In the entries below, find the lines that contain the word "unit" and copy them.

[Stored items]
────────────────────────────────────────

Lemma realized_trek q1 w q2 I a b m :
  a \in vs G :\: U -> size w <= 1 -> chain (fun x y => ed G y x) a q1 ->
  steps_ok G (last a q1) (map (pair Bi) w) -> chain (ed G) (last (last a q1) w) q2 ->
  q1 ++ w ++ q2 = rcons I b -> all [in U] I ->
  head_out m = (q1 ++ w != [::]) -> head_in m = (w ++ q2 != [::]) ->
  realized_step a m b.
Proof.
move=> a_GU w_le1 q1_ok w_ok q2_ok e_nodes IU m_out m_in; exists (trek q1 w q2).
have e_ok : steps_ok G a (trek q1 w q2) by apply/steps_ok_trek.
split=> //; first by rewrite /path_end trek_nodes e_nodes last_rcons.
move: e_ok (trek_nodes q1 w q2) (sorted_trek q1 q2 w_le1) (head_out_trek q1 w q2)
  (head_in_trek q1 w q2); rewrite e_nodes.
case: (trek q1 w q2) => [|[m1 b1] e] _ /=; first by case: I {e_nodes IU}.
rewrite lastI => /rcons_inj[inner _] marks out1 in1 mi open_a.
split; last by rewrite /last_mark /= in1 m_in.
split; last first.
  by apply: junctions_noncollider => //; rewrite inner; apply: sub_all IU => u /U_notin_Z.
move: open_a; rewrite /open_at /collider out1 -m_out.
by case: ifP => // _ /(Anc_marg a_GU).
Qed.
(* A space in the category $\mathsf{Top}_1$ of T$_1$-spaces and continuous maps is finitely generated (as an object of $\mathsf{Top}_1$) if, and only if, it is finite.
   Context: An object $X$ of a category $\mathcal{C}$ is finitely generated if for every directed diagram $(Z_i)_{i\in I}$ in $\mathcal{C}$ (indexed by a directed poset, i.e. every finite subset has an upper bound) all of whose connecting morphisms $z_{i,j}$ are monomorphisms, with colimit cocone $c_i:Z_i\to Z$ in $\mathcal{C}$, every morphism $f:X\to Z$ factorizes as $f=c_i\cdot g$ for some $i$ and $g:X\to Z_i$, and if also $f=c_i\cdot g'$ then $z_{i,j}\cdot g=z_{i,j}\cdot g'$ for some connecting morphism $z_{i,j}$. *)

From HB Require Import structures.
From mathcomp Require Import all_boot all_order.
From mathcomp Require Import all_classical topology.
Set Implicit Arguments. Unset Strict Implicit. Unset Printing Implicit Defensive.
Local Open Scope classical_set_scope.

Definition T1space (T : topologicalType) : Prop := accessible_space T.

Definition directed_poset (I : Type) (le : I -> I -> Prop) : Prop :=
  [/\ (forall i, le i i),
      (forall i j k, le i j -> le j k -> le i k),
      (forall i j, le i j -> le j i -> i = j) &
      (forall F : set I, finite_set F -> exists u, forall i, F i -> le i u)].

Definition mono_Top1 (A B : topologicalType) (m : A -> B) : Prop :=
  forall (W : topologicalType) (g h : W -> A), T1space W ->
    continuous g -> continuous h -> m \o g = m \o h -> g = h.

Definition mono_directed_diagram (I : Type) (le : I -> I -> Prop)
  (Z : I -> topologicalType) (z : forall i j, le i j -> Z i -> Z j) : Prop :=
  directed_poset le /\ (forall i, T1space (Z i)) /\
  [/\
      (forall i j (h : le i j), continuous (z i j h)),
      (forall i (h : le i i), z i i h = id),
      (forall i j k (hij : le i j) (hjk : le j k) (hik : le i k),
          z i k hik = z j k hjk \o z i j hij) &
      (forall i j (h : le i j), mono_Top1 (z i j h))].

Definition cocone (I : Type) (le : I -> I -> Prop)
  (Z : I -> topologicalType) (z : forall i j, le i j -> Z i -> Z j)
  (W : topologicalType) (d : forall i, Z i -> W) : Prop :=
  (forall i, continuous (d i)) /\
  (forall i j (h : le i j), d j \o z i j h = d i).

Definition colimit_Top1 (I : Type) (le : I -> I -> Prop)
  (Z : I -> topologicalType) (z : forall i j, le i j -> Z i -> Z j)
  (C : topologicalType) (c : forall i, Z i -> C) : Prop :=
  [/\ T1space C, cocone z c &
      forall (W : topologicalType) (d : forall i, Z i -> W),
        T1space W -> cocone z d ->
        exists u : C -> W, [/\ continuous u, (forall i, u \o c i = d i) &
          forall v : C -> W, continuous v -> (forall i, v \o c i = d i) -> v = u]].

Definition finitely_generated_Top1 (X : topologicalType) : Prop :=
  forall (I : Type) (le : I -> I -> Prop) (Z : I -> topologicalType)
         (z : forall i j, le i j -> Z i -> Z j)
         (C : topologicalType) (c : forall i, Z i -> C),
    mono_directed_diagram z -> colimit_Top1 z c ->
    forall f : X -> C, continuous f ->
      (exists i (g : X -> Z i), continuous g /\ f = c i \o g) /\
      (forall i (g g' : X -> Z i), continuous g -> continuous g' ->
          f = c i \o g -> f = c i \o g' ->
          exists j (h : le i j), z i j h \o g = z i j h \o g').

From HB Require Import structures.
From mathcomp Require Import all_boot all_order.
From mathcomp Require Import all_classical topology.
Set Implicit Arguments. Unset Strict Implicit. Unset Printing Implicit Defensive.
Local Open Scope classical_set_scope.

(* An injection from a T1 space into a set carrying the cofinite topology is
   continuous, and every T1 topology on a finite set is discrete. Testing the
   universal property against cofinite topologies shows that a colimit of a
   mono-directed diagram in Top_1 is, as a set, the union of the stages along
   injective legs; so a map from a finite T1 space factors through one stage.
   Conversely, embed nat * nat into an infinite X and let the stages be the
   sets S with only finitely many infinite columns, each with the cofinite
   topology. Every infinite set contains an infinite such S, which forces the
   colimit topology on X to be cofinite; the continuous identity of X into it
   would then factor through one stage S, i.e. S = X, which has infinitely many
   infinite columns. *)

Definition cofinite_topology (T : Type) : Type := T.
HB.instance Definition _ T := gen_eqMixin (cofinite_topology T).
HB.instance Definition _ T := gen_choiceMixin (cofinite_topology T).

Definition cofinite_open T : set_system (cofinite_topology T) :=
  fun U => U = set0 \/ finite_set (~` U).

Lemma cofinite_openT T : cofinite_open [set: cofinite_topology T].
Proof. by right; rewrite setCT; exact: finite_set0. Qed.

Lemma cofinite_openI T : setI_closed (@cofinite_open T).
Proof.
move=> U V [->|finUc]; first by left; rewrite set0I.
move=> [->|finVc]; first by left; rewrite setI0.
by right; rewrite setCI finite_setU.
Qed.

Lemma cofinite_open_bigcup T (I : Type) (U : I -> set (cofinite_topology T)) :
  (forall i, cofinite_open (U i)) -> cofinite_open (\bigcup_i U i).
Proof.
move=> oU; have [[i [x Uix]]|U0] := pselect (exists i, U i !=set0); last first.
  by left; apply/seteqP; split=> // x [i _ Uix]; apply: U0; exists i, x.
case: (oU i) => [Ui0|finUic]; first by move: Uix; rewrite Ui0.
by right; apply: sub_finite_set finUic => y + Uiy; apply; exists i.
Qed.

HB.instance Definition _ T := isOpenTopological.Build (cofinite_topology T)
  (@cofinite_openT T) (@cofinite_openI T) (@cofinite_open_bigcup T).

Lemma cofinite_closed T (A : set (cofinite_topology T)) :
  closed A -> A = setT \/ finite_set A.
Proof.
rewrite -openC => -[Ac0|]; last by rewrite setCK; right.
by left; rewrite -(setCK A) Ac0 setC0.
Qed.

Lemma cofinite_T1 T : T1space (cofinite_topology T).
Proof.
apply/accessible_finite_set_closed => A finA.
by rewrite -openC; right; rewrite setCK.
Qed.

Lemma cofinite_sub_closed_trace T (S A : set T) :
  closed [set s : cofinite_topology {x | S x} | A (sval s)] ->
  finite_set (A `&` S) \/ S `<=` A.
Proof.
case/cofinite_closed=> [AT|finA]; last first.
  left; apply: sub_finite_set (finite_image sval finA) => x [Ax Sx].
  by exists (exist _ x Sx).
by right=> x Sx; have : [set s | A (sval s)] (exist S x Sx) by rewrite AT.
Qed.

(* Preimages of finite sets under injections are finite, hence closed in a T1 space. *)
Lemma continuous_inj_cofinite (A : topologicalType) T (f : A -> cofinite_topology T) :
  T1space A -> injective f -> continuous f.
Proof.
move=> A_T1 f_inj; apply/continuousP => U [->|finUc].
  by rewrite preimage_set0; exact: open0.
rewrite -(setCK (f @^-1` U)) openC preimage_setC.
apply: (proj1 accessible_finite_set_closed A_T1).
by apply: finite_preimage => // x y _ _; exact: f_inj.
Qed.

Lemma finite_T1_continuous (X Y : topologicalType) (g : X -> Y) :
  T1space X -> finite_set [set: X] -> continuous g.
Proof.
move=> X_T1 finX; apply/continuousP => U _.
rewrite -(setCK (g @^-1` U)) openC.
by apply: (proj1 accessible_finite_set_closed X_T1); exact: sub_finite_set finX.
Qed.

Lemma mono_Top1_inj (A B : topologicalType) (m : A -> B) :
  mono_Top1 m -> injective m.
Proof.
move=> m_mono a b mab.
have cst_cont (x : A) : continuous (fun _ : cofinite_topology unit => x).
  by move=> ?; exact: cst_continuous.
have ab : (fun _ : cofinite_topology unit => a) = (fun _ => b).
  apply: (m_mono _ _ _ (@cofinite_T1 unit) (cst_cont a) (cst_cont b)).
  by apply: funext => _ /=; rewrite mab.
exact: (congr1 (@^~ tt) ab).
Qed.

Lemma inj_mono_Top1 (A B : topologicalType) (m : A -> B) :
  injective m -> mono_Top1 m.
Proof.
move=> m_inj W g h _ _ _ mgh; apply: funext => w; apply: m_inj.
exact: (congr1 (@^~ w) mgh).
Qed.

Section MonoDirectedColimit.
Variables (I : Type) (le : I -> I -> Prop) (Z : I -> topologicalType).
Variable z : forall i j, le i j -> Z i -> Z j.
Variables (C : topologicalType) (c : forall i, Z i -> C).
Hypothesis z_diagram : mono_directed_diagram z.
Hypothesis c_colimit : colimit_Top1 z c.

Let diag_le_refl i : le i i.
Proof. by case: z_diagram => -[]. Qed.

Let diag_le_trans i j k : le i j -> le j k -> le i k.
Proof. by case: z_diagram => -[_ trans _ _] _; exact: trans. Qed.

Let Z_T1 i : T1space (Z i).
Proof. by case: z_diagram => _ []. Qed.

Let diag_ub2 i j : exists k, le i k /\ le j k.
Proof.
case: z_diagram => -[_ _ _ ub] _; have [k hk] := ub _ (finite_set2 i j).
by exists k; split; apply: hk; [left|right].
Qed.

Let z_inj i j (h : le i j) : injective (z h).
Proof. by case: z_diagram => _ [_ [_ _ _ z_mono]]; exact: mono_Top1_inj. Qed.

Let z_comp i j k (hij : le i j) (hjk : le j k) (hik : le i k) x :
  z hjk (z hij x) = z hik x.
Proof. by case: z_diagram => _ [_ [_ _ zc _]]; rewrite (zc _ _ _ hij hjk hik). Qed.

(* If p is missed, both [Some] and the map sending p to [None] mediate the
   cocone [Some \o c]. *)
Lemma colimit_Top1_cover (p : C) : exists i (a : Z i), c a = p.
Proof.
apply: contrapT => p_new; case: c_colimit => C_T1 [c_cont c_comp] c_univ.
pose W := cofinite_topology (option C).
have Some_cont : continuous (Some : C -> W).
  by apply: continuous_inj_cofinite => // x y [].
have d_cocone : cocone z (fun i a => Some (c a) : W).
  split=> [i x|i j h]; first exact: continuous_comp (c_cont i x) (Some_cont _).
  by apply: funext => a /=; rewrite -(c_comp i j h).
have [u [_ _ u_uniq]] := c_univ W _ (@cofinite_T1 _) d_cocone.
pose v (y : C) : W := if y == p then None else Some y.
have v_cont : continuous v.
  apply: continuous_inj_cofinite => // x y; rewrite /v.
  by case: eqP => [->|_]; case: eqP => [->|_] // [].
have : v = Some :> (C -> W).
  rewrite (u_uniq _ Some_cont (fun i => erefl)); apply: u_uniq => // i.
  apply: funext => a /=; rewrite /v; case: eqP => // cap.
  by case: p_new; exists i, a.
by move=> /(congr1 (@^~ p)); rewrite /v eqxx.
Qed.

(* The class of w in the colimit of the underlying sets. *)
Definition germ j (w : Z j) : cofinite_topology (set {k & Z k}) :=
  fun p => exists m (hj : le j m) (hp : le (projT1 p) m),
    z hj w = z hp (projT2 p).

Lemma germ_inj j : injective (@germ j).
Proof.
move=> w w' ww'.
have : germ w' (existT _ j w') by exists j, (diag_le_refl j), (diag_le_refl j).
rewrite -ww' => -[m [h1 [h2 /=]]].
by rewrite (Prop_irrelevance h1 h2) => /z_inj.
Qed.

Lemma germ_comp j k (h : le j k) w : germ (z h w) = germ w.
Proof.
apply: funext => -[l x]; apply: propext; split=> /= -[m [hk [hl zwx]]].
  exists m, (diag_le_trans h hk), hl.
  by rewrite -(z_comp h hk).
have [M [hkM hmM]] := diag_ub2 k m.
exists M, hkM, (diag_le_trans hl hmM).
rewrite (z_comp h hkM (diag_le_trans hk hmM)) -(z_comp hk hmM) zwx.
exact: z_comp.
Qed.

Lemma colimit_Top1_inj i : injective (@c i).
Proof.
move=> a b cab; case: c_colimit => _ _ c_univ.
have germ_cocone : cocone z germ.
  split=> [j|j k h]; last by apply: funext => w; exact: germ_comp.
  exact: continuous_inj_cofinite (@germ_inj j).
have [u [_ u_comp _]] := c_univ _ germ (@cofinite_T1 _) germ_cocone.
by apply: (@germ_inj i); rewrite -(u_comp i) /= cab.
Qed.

────────────────────────────────────────

§ RESULT OF THE EXERCISE
have cst_cont (x : A) : continuous (fun _ : cofinite_topology unit => x).
have ab : (fun _ : cofinite_topology unit => a) = (fun _ => b).
  apply: (m_mono _ _ _ (@cofinite_T1 unit) (cst_cont a) (cst_cont b)).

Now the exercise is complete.